__Exercise prompt__. Could you return every record below exactly as it is written?
☆ ☆ ☆ ☆
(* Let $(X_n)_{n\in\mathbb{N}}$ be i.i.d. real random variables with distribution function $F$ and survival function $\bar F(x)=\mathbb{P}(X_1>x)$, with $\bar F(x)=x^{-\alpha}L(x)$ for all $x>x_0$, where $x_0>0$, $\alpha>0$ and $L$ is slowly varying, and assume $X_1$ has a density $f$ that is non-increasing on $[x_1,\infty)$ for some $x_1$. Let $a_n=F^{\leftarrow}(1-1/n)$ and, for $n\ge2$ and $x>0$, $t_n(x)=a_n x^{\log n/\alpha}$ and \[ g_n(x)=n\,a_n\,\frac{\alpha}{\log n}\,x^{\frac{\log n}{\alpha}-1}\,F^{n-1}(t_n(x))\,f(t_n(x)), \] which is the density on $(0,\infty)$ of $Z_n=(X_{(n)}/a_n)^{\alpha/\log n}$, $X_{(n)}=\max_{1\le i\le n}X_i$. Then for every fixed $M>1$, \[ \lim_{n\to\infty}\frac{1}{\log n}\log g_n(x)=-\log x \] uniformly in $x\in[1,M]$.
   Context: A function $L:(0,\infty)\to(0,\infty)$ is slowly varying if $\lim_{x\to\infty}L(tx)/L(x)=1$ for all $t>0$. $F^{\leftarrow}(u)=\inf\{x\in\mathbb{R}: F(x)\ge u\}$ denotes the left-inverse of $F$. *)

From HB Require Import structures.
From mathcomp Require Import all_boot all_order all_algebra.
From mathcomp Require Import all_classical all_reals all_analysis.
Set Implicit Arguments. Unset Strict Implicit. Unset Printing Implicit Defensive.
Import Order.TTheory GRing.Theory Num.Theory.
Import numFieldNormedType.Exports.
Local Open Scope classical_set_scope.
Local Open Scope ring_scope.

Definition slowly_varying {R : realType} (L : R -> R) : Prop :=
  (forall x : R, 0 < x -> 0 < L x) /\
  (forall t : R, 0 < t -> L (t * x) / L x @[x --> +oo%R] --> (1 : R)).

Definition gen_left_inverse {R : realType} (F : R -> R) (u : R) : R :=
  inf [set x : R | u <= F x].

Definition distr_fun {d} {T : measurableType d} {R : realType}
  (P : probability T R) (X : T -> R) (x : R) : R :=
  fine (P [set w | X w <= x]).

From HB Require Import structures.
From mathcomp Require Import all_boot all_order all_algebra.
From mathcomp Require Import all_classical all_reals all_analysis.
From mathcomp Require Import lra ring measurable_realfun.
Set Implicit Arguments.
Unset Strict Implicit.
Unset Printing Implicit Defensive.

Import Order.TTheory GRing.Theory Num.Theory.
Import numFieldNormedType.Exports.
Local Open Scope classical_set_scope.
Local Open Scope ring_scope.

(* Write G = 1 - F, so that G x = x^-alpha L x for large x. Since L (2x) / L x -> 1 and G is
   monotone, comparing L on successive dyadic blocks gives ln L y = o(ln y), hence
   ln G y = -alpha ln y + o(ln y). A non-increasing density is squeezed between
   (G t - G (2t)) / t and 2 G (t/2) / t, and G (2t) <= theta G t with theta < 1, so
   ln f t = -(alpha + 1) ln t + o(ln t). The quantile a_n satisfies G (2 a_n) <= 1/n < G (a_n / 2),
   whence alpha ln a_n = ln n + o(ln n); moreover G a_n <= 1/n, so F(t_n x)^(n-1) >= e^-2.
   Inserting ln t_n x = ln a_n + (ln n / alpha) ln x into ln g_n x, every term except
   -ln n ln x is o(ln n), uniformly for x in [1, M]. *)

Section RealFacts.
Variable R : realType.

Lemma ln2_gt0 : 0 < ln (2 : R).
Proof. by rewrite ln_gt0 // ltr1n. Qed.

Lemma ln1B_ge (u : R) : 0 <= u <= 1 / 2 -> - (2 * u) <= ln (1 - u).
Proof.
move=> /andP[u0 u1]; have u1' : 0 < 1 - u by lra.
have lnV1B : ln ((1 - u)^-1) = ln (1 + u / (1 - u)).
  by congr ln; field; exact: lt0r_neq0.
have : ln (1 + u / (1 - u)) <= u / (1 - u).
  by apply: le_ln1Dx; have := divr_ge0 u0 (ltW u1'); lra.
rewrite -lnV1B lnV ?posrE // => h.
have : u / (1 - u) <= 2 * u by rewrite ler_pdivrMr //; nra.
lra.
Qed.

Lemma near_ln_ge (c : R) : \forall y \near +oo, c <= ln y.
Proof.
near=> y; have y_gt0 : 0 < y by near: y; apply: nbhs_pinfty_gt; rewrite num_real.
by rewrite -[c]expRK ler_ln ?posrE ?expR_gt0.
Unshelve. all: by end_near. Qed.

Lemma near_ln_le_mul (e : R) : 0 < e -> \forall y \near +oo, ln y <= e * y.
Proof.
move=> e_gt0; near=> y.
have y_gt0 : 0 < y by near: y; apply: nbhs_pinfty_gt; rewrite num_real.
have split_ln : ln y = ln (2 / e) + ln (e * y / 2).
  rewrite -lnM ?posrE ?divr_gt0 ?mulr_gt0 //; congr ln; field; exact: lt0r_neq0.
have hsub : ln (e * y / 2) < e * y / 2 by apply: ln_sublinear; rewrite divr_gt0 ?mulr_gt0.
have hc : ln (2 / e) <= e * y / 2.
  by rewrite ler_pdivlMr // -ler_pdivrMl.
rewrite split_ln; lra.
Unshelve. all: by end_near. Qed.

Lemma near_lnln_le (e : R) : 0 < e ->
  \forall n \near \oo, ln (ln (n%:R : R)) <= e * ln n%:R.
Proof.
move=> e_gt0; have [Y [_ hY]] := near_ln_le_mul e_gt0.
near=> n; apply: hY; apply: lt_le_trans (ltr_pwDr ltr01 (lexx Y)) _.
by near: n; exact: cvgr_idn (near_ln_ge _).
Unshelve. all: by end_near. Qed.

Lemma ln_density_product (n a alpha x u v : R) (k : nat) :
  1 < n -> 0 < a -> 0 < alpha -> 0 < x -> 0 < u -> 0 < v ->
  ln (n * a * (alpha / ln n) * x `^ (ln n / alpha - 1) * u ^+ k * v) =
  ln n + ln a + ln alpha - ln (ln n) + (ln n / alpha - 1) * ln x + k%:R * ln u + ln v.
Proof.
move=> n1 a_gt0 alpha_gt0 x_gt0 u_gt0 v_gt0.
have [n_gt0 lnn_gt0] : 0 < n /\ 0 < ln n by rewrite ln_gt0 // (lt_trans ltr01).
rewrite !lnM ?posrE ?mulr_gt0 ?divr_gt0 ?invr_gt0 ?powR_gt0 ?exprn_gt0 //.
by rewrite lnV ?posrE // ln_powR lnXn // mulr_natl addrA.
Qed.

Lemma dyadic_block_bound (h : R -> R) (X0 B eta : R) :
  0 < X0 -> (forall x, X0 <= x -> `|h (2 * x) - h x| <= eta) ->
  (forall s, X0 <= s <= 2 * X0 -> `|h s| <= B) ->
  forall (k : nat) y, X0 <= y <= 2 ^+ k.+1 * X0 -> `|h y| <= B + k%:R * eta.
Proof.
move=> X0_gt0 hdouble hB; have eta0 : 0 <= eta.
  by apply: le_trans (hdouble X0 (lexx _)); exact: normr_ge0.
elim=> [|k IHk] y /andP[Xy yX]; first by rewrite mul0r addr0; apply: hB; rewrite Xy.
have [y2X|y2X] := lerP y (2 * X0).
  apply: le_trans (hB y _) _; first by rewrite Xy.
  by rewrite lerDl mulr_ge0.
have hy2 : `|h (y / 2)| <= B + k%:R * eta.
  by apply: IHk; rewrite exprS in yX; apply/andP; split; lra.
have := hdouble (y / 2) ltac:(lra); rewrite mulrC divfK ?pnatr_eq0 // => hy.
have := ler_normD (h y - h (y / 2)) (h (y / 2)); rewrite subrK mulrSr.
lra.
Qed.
☆ ☆ ☆ ☆
__Answer section__.
(* Let $(X_n)_{n\in\mathbb{N}}$ be i.i.d. real random variables with distribution function $F$ and survival function $\bar F(x)=\mathbb{P}(X_1>x)$, with $\bar F(x)=x^{-\alpha}L(x)$ for all $x>x_0$, where $x_0>0$, $\alpha>0$ and $L$ is slowly varying, and assume $X_1$ has a density $f$ that is non-increasing on $[x_1,\infty)$ for some $x_1$. Let $a_n=F^{\leftarrow}(1-1/n)$ and, for $n\ge2$ and $x>0$, $t_n(x)=a_n x^{\log n/\alpha}$ and \[ g_n(x)=n\,a_n\,\frac{\alpha}{\log n}\,x^{\frac{\log n}{\alpha}-1}\,F^{n-1}(t_n(x))\,f(t_n(x)), \] which is the density on $(0,\infty)$ of $Z_n=(X_{(n)}/a_n)^{\alpha/\log n}$, $X_{(n)}=\max_{1\le i\le n}X_i$. Then for every fixed $M>1$, \[ \lim_{n\to\infty}\frac{1}{\log n}\log g_n(x)=-\log x \] uniformly in $x\in[1,M]$.
   Context: A function $L:(0,\infty)\to(0,\infty)$ is slowly varying if $\lim_{x\to\infty}L(tx)/L(x)=1$ for all $t>0$. $F^{\leftarrow}(u)=\inf\{x\in\mathbb{R}: F(x)\ge u\}$ denotes the left-inverse of $F$. *)

From HB Require Import structures.
From mathcomp Require Import all_boot all_order all_algebra.
From mathcomp Require Import all_classical all_reals all_analysis.
Set Implicit Arguments. Unset Strict Implicit. Unset Printing Implicit Defensive.
Import Order.TTheory GRing.Theory Num.Theory.
Import numFieldNormedType.Exports.
Local Open Scope classical_set_scope.
Local Open Scope ring_scope.

Definition slowly_varying {R : realType} (L : R -> R) : Prop :=
  (forall x : R, 0 < x -> 0 < L x) /\
  (forall t : R, 0 < t -> L (t * x) / L x @[x --> +oo%R] --> (1 : R)).

Definition gen_left_inverse {R : realType} (F : R -> R) (u : R) : R :=
  inf [set x : R | u <= F x].

Definition distr_fun {d} {T : measurableType d} {R : realType}
  (P : probability T R) (X : T -> R) (x : R) : R :=
  fine (P [set w | X w <= x]).

From HB Require Import structures.
From mathcomp Require Import all_boot all_order all_algebra.
From mathcomp Require Import all_classical all_reals all_analysis.
From mathcomp Require Import lra ring measurable_realfun.
Set Implicit Arguments.
Unset Strict Implicit.
Unset Printing Implicit Defensive.

Import Order.TTheory GRing.Theory Num.Theory.
Import numFieldNormedType.Exports.
Local Open Scope classical_set_scope.
Local Open Scope ring_scope.

(* Write G = 1 - F, so that G x = x^-alpha L x for large x. Since L (2x) / L x -> 1 and G is
   monotone, comparing L on successive dyadic blocks gives ln L y = o(ln y), hence
   ln G y = -alpha ln y + o(ln y). A non-increasing density is squeezed between
   (G t - G (2t)) / t and 2 G (t/2) / t, and G (2t) <= theta G t with theta < 1, so
   ln f t = -(alpha + 1) ln t + o(ln t). The quantile a_n satisfies G (2 a_n) <= 1/n < G (a_n / 2),
   whence alpha ln a_n = ln n + o(ln n); moreover G a_n <= 1/n, so F(t_n x)^(n-1) >= e^-2.
   Inserting ln t_n x = ln a_n + (ln n / alpha) ln x into ln g_n x, every term except
   -ln n ln x is o(ln n), uniformly for x in [1, M]. *)

Section RealFacts.
Variable R : realType.

Lemma ln2_gt0 : 0 < ln (2 : R).
Proof. by rewrite ln_gt0 // ltr1n. Qed.

Lemma ln1B_ge (u : R) : 0 <= u <= 1 / 2 -> - (2 * u) <= ln (1 - u).
Proof.
move=> /andP[u0 u1]; have u1' : 0 < 1 - u by lra.
have lnV1B : ln ((1 - u)^-1) = ln (1 + u / (1 - u)).
  by congr ln; field; exact: lt0r_neq0.
have : ln (1 + u / (1 - u)) <= u / (1 - u).
  by apply: le_ln1Dx; have := divr_ge0 u0 (ltW u1'); lra.
rewrite -lnV1B lnV ?posrE // => h.
have : u / (1 - u) <= 2 * u by rewrite ler_pdivrMr //; nra.
lra.
Qed.

Lemma near_ln_ge (c : R) : \forall y \near +oo, c <= ln y.
Proof.
near=> y; have y_gt0 : 0 < y by near: y; apply: nbhs_pinfty_gt; rewrite num_real.
by rewrite -[c]expRK ler_ln ?posrE ?expR_gt0.
Unshelve. all: by end_near. Qed.

Lemma near_ln_le_mul (e : R) : 0 < e -> \forall y \near +oo, ln y <= e * y.
Proof.
move=> e_gt0; near=> y.
have y_gt0 : 0 < y by near: y; apply: nbhs_pinfty_gt; rewrite num_real.
have split_ln : ln y = ln (2 / e) + ln (e * y / 2).
  rewrite -lnM ?posrE ?divr_gt0 ?mulr_gt0 //; congr ln; field; exact: lt0r_neq0.
have hsub : ln (e * y / 2) < e * y / 2 by apply: ln_sublinear; rewrite divr_gt0 ?mulr_gt0.
have hc : ln (2 / e) <= e * y / 2.
  by rewrite ler_pdivlMr // -ler_pdivrMl.
rewrite split_ln; lra.
Unshelve. all: by end_near. Qed.

Lemma near_lnln_le (e : R) : 0 < e ->
  \forall n \near \oo, ln (ln (n%:R : R)) <= e * ln n%:R.
Proof.
move=> e_gt0; have [Y [_ hY]] := near_ln_le_mul e_gt0.
near=> n; apply: hY; apply: lt_le_trans (ltr_pwDr ltr01 (lexx Y)) _.
by near: n; exact: cvgr_idn (near_ln_ge _).
Unshelve. all: by end_near. Qed.

Lemma ln_density_product (n a alpha x u v : R) (k : nat) :
  1 < n -> 0 < a -> 0 < alpha -> 0 < x -> 0 < u -> 0 < v ->
  ln (n * a * (alpha / ln n) * x `^ (ln n / alpha - 1) * u ^+ k * v) =
  ln n + ln a + ln alpha - ln (ln n) + (ln n / alpha - 1) * ln x + k%:R * ln u + ln v.
Proof.
move=> n1 a_gt0 alpha_gt0 x_gt0 u_gt0 v_gt0.
have [n_gt0 lnn_gt0] : 0 < n /\ 0 < ln n by rewrite ln_gt0 // (lt_trans ltr01).
rewrite !lnM ?posrE ?mulr_gt0 ?divr_gt0 ?invr_gt0 ?powR_gt0 ?exprn_gt0 //.
by rewrite lnV ?posrE // ln_powR lnXn // mulr_natl addrA.
Qed.

Lemma dyadic_block_bound (h : R -> R) (X0 B eta : R) :
  0 < X0 -> (forall x, X0 <= x -> `|h (2 * x) - h x| <= eta) ->
  (forall s, X0 <= s <= 2 * X0 -> `|h s| <= B) ->
  forall (k : nat) y, X0 <= y <= 2 ^+ k.+1 * X0 -> `|h y| <= B + k%:R * eta.
Proof.
move=> X0_gt0 hdouble hB; have eta0 : 0 <= eta.
  by apply: le_trans (hdouble X0 (lexx _)); exact: normr_ge0.
elim=> [|k IHk] y /andP[Xy yX]; first by rewrite mul0r addr0; apply: hB; rewrite Xy.
have [y2X|y2X] := lerP y (2 * X0).
  apply: le_trans (hB y _) _; first by rewrite Xy.
  by rewrite lerDl mulr_ge0.
have hy2 : `|h (y / 2)| <= B + k%:R * eta.
  by apply: IHk; rewrite exprS in yX; apply/andP; split; lra.
have := hdouble (y / 2) ltac:(lra); rewrite mulrC divfK ?pnatr_eq0 // => hy.
have := ler_normD (h y - h (y / 2)) (h (y / 2)); rewrite subrK mulrSr.
lra.
Qed.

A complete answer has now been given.